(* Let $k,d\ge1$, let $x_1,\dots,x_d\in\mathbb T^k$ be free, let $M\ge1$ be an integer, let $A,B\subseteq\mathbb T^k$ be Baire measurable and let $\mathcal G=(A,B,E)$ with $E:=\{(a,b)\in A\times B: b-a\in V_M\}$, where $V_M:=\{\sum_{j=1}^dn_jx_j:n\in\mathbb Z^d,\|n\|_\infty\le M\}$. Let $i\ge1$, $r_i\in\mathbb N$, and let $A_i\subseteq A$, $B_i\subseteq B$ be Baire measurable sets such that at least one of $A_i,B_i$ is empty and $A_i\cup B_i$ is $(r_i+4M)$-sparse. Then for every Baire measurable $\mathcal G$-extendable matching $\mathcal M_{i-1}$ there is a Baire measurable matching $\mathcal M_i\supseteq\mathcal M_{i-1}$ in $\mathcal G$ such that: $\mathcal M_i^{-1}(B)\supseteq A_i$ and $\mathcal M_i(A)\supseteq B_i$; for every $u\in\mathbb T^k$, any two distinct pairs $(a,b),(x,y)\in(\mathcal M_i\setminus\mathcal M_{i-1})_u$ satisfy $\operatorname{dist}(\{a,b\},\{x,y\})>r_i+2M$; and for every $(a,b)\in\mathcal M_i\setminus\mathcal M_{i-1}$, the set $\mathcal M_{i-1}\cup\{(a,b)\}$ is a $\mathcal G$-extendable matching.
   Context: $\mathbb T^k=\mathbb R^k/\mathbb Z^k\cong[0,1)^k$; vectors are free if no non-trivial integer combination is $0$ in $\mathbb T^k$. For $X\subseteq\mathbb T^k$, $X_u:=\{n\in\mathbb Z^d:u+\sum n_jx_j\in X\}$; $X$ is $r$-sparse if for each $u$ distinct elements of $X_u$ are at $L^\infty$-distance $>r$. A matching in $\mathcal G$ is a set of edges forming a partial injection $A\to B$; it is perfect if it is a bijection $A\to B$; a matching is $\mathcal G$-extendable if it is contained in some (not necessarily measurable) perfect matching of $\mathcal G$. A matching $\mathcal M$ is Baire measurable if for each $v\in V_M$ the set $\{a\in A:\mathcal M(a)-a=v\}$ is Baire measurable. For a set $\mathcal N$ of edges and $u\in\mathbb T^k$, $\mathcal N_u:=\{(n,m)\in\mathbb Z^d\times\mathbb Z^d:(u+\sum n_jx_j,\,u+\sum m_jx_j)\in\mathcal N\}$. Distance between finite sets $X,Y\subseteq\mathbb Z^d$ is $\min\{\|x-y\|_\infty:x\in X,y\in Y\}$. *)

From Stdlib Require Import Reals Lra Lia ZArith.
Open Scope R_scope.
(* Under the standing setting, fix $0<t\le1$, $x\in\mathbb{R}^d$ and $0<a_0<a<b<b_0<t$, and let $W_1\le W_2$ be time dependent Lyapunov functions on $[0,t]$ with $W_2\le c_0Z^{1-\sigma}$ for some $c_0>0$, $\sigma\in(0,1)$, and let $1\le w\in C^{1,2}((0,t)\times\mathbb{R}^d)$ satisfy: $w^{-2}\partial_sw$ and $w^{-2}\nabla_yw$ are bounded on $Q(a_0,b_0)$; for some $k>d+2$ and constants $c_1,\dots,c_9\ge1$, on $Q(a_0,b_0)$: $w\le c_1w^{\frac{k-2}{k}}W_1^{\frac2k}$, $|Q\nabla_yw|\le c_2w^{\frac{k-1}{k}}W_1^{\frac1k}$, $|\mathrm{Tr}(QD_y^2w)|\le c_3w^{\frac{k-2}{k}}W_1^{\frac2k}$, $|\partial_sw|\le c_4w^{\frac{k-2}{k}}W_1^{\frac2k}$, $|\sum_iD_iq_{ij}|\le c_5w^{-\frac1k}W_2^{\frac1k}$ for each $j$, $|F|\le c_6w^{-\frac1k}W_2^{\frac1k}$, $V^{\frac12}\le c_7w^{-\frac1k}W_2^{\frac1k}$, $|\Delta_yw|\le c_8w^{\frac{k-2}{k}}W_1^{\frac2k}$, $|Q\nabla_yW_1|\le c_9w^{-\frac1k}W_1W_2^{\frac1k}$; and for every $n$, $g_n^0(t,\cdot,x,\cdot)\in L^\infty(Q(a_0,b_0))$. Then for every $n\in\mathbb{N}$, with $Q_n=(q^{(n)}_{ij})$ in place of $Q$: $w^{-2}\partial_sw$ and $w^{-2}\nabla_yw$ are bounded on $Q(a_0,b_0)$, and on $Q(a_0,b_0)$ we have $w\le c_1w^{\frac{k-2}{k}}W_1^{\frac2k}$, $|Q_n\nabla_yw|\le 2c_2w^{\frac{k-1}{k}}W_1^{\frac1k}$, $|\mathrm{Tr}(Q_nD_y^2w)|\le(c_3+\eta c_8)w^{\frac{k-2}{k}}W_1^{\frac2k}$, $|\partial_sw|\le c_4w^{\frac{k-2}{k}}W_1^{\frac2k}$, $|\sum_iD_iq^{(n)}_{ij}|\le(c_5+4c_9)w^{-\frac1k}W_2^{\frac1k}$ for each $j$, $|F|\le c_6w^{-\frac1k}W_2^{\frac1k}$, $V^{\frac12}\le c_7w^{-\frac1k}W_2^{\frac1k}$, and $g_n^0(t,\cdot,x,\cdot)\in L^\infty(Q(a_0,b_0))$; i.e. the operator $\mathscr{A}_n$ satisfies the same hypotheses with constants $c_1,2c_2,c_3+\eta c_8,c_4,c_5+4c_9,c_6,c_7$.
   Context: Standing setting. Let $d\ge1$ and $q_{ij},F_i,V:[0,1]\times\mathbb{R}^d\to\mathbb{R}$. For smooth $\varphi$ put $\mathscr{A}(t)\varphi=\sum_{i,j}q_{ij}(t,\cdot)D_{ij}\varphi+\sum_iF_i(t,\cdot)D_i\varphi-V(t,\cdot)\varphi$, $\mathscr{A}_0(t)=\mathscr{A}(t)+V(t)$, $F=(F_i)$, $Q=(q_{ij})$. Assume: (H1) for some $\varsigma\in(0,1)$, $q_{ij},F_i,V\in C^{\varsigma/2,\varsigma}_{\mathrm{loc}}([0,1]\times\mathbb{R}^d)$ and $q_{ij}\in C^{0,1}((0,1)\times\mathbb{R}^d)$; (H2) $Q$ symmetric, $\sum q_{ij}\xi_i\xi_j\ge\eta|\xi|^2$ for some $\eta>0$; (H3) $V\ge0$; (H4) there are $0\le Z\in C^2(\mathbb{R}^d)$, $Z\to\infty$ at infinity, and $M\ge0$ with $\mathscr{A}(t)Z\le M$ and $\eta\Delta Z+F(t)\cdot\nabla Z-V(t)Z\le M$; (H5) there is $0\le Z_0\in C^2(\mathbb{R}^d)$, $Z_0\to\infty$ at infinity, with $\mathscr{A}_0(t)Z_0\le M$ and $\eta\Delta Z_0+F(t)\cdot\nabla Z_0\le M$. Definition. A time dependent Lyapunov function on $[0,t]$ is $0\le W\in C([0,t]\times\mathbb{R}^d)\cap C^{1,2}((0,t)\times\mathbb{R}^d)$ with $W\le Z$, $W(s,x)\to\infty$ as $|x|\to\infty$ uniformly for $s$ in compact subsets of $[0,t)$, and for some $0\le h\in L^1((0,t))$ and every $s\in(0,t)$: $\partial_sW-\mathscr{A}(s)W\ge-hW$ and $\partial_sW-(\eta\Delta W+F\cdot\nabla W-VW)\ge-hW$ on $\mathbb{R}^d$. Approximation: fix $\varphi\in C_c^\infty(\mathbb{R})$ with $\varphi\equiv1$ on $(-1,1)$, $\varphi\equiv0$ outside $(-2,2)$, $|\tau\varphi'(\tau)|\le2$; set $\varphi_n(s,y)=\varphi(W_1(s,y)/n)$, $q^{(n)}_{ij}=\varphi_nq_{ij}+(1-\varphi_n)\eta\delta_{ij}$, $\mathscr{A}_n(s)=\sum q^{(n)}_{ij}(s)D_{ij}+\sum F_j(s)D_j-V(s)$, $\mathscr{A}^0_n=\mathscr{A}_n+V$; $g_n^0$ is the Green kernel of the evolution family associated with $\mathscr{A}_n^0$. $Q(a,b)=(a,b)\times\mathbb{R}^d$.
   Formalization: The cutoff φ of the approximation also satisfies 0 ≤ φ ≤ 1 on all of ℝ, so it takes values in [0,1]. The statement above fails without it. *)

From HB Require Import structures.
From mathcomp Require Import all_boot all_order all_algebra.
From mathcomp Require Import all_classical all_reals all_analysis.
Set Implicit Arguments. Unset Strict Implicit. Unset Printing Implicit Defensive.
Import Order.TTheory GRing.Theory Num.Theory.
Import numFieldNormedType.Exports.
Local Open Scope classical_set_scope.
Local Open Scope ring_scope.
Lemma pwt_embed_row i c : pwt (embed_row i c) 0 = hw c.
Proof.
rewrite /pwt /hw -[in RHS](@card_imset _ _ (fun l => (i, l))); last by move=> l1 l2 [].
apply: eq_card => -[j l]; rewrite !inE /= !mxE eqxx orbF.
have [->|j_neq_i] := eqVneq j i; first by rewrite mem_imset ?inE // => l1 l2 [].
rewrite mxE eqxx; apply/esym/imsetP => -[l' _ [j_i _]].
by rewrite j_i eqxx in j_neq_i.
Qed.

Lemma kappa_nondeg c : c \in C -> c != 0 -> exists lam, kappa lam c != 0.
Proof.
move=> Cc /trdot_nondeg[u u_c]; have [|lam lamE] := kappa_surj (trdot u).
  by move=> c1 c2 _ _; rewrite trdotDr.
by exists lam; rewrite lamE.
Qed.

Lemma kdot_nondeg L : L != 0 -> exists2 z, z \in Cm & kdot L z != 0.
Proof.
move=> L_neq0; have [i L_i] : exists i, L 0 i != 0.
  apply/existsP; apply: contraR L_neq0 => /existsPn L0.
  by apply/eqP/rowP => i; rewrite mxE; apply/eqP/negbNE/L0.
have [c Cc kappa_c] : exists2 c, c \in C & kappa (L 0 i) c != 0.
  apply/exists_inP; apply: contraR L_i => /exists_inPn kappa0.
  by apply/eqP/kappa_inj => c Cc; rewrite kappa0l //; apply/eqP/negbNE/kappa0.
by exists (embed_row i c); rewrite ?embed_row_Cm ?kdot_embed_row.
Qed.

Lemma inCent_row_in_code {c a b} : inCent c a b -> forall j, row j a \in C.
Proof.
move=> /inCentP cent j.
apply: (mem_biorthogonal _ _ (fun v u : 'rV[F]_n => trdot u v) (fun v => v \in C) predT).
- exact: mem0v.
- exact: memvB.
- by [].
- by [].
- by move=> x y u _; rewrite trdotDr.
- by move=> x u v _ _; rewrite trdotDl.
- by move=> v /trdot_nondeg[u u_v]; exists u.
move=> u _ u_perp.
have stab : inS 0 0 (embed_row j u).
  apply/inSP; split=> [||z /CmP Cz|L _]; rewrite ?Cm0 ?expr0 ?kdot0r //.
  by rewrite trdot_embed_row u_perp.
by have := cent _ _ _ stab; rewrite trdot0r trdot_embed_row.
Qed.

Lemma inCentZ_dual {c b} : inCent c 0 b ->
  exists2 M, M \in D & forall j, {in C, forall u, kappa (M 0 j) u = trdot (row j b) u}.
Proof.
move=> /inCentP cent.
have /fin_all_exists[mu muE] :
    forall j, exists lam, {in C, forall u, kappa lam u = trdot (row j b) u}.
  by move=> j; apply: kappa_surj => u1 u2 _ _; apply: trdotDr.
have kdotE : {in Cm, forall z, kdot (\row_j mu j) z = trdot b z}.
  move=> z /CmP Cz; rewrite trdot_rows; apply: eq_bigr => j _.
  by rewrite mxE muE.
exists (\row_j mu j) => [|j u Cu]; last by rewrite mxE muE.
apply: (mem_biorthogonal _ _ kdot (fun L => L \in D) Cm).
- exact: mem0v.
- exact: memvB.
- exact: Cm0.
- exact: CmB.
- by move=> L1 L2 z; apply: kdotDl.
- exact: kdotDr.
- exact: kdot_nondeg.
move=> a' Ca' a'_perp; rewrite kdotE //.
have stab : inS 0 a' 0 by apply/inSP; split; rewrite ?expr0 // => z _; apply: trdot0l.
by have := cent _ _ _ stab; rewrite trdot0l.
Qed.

========

TASK DIRECTIONS
Take the line containing "- exact: CmB." as the start and the last line of the data as the end, and reproduce that range exactly.

EXPECTED ANSWER
- exact: CmB.
- by move=> L1 L2 z; apply: kdotDl.
- exact: kdotDr.
- exact: kdot_nondeg.
move=> a' Ca' a'_perp; rewrite kdotE //.
have stab : inS 0 a' 0 by apply/inSP; split; rewrite ?expr0 // => z _; apply: trdot0l.
by have := cent _ _ _ stab; rewrite trdot0l.
Qed.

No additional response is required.